Впрочем, невозмутимость эта была сугубо внешней, поскольку цепкий взгляд его безошибочно определял: нет, это не те полки, на которых, по словам премьера Антонеску, фюрер Германии действительно мог положиться как на продолжателей славы римских легионов. И от того факта, что кундукэтор провозгласил Румынию национал-легионерским государством
[2], ситуация не менялась. Да и сам фюрер-кундукэтор Антонеску весьма смутно представлял себе, что же в действительности должно скрываться за этим понятием – «легионерское государство».
Впрочем, все это – общие размышления. Что же касается действительности, то вот они, эти хваленые «железные легионы Великой Румынии»: бесконечная вереница крестьянских телег, угрюмые лица; тощие, в большинстве своем лишенные какой-либо выправки, крестьянские фигуры; тусклые, не ведавшие солдатского азарта глаза…
В том-то и дело, что не ведавшие ни авантюрного блеска, ни солдатского азарта… Это как раз больше всего и поражало бригадефюрера.
Познававшему окопное дыхание смерти уже во второй по счету мировой войне, старому вояке барону фон Гравсу нетрудно было определить, что на всем этом скопище оторванного от сохи, небрежно обмундированного и столь же небрежно обученного люда уже сейчас, за много дней до войны, лежит печать какой-то вселенской обреченности.
Так, может быть, прав был свергнутый румынский монарх Кароль II, пытавшийся не только германским военным, но и вождям «Железной гвардии»
[3] доказывать, что в подвластном ему королевстве нет армии, с которой можно было хотя бы помечтать о войне с Россией, не говоря уже о том, чтобы рассчитывать на какие-либо территориальные завоевания? Во всяком случае, ему, начальнику румынского отдела Главного управления имперской безопасности рейха, «фюреру Валахии»

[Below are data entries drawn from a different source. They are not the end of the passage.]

(* For the chain rule, move the coordinates of g(t) from g(t0) to g(t) one at a
   time and telescope. By the mean value theorem the i-th step equals a partial
   derivative of f at an intermediate point times g_i(t) - g_i(t0); the
   intermediate point tends to g(t0), so continuity of that partial derivative
   gives the i-th summand of the chain rule. Applied to the variable x, this
   writes the x-derivative of h(e_1,...,e_k) as sum_i (d_i h)(e) * de_i/dx;
   weighting by w(x') and exchanging the two sums gives sum_i (d_i h)(e) * (e_i)',
   once the sum defining (e_i)' is extended to all variables of h(e), which is
   harmless since e_i does not depend on the extra ones. *)

Set Implicit Arguments.
Unset Strict Implicit.
Unset Printing Implicit Defensive.
Open Scope R_scope.

HB.instance Definition _ := Monoid.isComLaw.Build R R0 Rplus
  (fun x y z => esym (Rplus_assoc x y z)) Rplus_comm Rplus_0_l.

Lemma big_Rmult_distr_l (T : Type) (s : seq T) (a : R) (G : T -> R) :
  a * \big[Rplus/R0]_(x <- s) G x = \big[Rplus/R0]_(x <- s) (a * G x).
Proof.
by apply: (big_endo (fun x => a * x)) => [x y|]; rewrite ?Rmult_plus_distr_l ?Rmult_0_r.
Qed.

Lemma is_derive_big (T : Type) (r : seq T) (G : T -> R -> R) (D : T -> R) t0 :
  (forall i, is_derive (G i) t0 (D i)) ->
  is_derive (fun t => \big[Rplus/R0]_(i <- r) G i t) t0 (\big[Rplus/R0]_(i <- r) D i).
Proof.
move=> HG; elim: r => [|a r IH].
  by rewrite big_nil; apply: is_derive_ext (is_derive_const R0 t0) => t; rewrite big_nil.
rewrite big_cons; apply: is_derive_ext (is_derive_plus _ _ _ _ _ (HG a) IH) => t.
by rewrite big_cons.
Qed.

Lemma telescope_ord (G : nat -> R) n :
  \big[Rplus/R0]_(i < n) (G i.+1 - G i) = G n - G O.
Proof. by elim: n => [|n IH]; rewrite ?big_ord0 ?big_ord_recr /= ?IH; lra. Qed.

Lemma big_restrict_uniq (T : eqType) (U s : seq T) (G : T -> R) :
  uniq U -> uniq s -> {subset s <= U} -> (forall x, x \notin s -> G x = 0) ->
  \big[Rplus/R0]_(x <- U) G x = \big[Rplus/R0]_(x <- s) G x.
Proof.
move=> uU us sU G0; rewrite (bigID (mem s)) /= [X in _ + X]big1 // Rplus_0_r.
rewrite -big_filter; apply/perm_big/uniq_perm => [||x]; rewrite ?filter_uniq //.
by rewrite mem_filter andb_idr //; apply: sU.
Qed.

Lemma filter_forall_fin (T : finType) (U : Type) (Fl : (U -> Prop) -> Prop)
    (FF : Filter Fl) (P : T -> U -> Prop) :
  (forall j, Fl (P j)) -> Fl (fun u => forall j, P j u).
Proof.
move=> HP; have : Fl (fun u => forall j, j \in enum T -> P j u).
  elim: (enum T) => [|a s IH]; first exact: filter_forall.
  apply: filter_imp (filter_and _ _ (HP a) IH) => u [Pa Ps] j.
  by rewrite in_cons => /predU1P [->|/Ps].
by apply: filter_imp => u Hu j; apply: Hu; rewrite mem_enum.
Qed.

Lemma continuous_near (g : R -> R) t0 eps :
  continuous g t0 -> 0 < eps -> locally t0 (fun t => Rabs (g t - g t0) < eps).
Proof. by move=> /filterlim_locally Hg He; apply: (Hg (mkposreal _ He)). Qed.

Lemma Rabs_mult_approx a b P D e :
  e <= 1 -> Rabs (a - P) < e -> Rabs (b - D) < e ->
  Rabs (a * b - P * D) < e * (Rabs P + Rabs D + 1).
Proof.
move=> e1 Ha Hb.
have -> : a * b - P * D = (a - P) * b + P * (b - D) by ring.
have Hbb : Rabs b < Rabs D + 1.
  have := Rabs_triang (b - D) D.
  rewrite (_ : b - D + D = b); [lra | ring].
apply: Rle_lt_trans (Rabs_triang _ _) _; rewrite !Rabs_mult.
have := Rabs_pos (a - P); have := Rabs_pos (b - D); have := Rabs_pos P; have := Rabs_pos b.
nra.
Qed.

(* A Caratheodory-style criterion, phrased so that the slopes (mean-value points)
   need not be chosen as a function of [t]. *)
Lemma is_derive_factor (phi g : R -> R) t0 P D :
  is_derive g t0 D ->
  (forall eps, 0 < eps -> locally t0 (fun t =>
     exists a, Rabs (a - P) < eps /\ phi t - phi t0 = a * (g t - g t0))) ->
  is_derive phi t0 (P * D).
Proof.
move=> /is_derive_Reals Hg Hphi; apply/is_derive_Reals => eps Heps.
have HS : 0 < Rabs P + Rabs D + 1 by have := Rabs_pos P; have := Rabs_pos D; lra.
set e := Rmin 1 (eps / (Rabs P + Rabs D + 1)).
have He : 0 < e by apply: Rmin_pos; [lra | apply: Rdiv_lt_0_compat].
have HeS : e * (Rabs P + Rabs D + 1) <= eps.
  have := Rmin_r 1 (eps / (Rabs P + Rabs D + 1)); rewrite -/e => Hr.
  apply: Rle_trans (Rmult_le_compat_r _ _ _ (Rlt_le _ _ HS) Hr) _.
  by rewrite /Rdiv Rmult_assoc Rinv_l; lra.
have [d1 Hd1] := Hg e He; have [d2 Hd2] := Hphi e He.
exists (mkposreal _ (Rmin_pos _ _ (cond_pos d1) (cond_pos d2))) => h h0 /= hd.
have [a [Ha ->]] : exists a, Rabs (a - P) < e /\
    phi (t0 + h) - phi t0 = a * (g (t0 + h) - g t0).
  apply: Hd2; rewrite /ball /= /AbsRing_ball /abs /minus /plus /opp /=.
  have -> : t0 + h + - t0 = h by ring.
  exact: Rlt_le_trans hd (Rmin_r _ _).
have -> : a * (g (t0 + h) - g t0) / h = a * ((g (t0 + h) - g t0) / h) by field.
apply: Rlt_le_trans HeS; apply: Rabs_mult_approx (Rmin_l _ _) Ha _.
by apply: Hd1 => //; apply: Rlt_le_trans hd (Rmin_l _ _).
Qed.

Lemma Rabs_between a b c :
  Rmin a b <= c <= Rmax a b -> Rabs (c - a) <= Rabs (b - a).
Proof.
rewrite /Rmin /Rmax; case: Rle_dec => ? [? ?]; rewrite /Rabs;
repeat case: Rcase_abs; lra.
Qed.

Section ChainRule.
Variables (k : nat) (f : ('I_k -> R) -> R).
Hypothesis f_partial : forall i p, ex_derive (fun t => f (upd_pt p i t)) (p i).
Hypothesis f_partial_cont : forall i, contk (pderiv f i).

Lemma upd_pt_upd_pt (p : 'I_k -> R) i t s : upd_pt (upd_pt p i t) i s = upd_pt p i s.
Proof. by apply: functional_extensionality => j; rewrite /upd_pt; case: eqP. Qed.

Lemma upd_pt_at (p : 'I_k -> R) i t : upd_pt p i t i = t.
Proof. by rewrite /upd_pt eqxx. Qed.

Lemma is_derive_partial (q : 'I_k -> R) i s :
  is_derive (fun u => f (upd_pt q i u)) s (pderiv f i (upd_pt q i s)).
Proof.
have E u : f (upd_pt (upd_pt q i s) i u) = f (upd_pt q i u) by rewrite upd_pt_upd_pt.
have := f_partial i (upd_pt q i s); rewrite /pderiv !upd_pt_at (Derive_ext _ _ _ E).
by move=> /(ex_derive_ext _ _ _ E) /Derive_correct.
Qed.

Lemma partial_mvt (q : 'I_k -> R) i a b : exists c, Rmin a b <= c <= Rmax a b /\
  f (upd_pt q i b) - f (upd_pt q i a) = pderiv f i (upd_pt q i c) * (b - a).
Proof.
apply: (MVT_gen (fun s => f (upd_pt q i s))) => [x _|x _]; first exact: is_derive_partial.
by apply/continuity_pt_filterlim/ex_derive_continuous; eexists; apply: is_derive_partial.
Qed.

Variables (g : 'I_k -> R -> R) (t0 : R).
Hypothesis g_derive : forall j, ex_derive (g j) t0.

Definition hybrid (m : nat) t : 'I_k -> R :=
  fun j => if (j < m)%N then g j t else g j t0.

Lemma hybrid_succ (m : 'I_k) t : hybrid m.+1 t = upd_pt (hybrid m t) m (g m t).
Proof.
apply: functional_extensionality => j; rewrite /hybrid /upd_pt ltnS leq_eqVlt.
by case: (eqVneq j m) => [->|ne]; rewrite ?eqxx // val_eqE (negbTE ne).
Qed.

Lemma hybrid_at (m : 'I_k) t : hybrid m t = upd_pt (hybrid m t) m (g m t0).
Proof.
apply: functional_extensionality => j; rewrite /hybrid /upd_pt.
by case: (eqVneq j m) => [->|//]; rewrite ltnn.
Qed.

Lemma hybrid_t0 m : hybrid m t0 = fun j => g j t0.
Proof. by apply: functional_extensionality => j; rewrite /hybrid; case: ifP. Qed.

Lemma hybrid_k t : hybrid k t = fun j => g j t.
Proof. by apply: functional_extensionality => j; rewrite /hybrid ltn_ord. Qed.

Lemma is_derive_hybrid_step (m : 'I_k) :
  is_derive (fun t => f (hybrid m.+1 t) - f (hybrid m t)) t0
    (pderiv f m (fun j => g j t0) * Derive (g m) t0).
Proof.
apply: is_derive_factor => [|eps Heps]; first exact: Derive_correct.
have [d [Hd Hpd]] := f_partial_cont m (fun j => g j t0) Heps.
have near_g : forall j, locally t0 (fun t => Rabs (g j t - g j t0) < d).
  by move=> j; apply: continuous_near Hd; apply: ex_derive_continuous.
apply: filter_imp (filter_forall_fin _ near_g) => t Hgt.
have [c [Hc Ec]] := partial_mvt (hybrid m t) m (g m t0) (g m t).
exists (pderiv f m (upd_pt (hybrid m t) m c)); split.
  apply: Hpd => j; rewrite /upd_pt; case: eqP => [->|_].
    exact: Rle_lt_trans (Rabs_between Hc) (Hgt m).
  by rewrite /hybrid; case: ifP; rewrite ?Rminus_eq_0 ?Rabs_R0.
by rewrite !hybrid_t0 Rminus_eq_0 Rminus_0_r hybrid_succ {2}hybrid_at.
Qed.

Lemma chain_rule_partials :
  is_derive (fun t => f (fun j => g j t)) t0
    (\big[Rplus/R0]_(i < k) (pderiv f i (fun j => g j t0) * Derive (g i) t0)).
Proof.
have E t : f (fun j => g j t) =
    f (fun j => g j t0) + \big[Rplus/R0]_(i < k) (f (hybrid i.+1 t) - f (hybrid i t)).
  rewrite (telescope_ord (fun m => f (hybrid m t))) hybrid_k.
  by change (hybrid 0 t) with (fun j => g j t0); lra.
apply: is_derive_ext (fun t => esym (E t)) _.
rewrite -[X in is_derive _ _ X]Rplus_0_l; apply: is_derive_plus.
  exact: is_derive_const.
exact: is_derive_big is_derive_hybrid_step.
Qed.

[4], как называли фон Гравса во властных кабинетах разведки и контрразведки, хотелось верить, что монарх был прав. При всем презрительном отношении бригадефюрера к этому жалкому правителю жалкого, нищего народа.
Не далее как вчера «куратор сигуранцы» штандартенфюрер Кренц положил ему на стол аналитический обзор столичной румынской прессы и политических взглядов ведущих деятелей этой страны, подготовленный действовавшими в «подконтрольной организации» агентами СД. И бригадефюрер был поражен тем, как некоторые идеологи местного национал-шовинизма уже пытались обосновать установление пределов Великой Румынии не только по далекому от румынских границ Южному Бугу – об умилительных видениях «границы по Днестру» теперь уже попросту не вспоминали! – но и… по Днепру!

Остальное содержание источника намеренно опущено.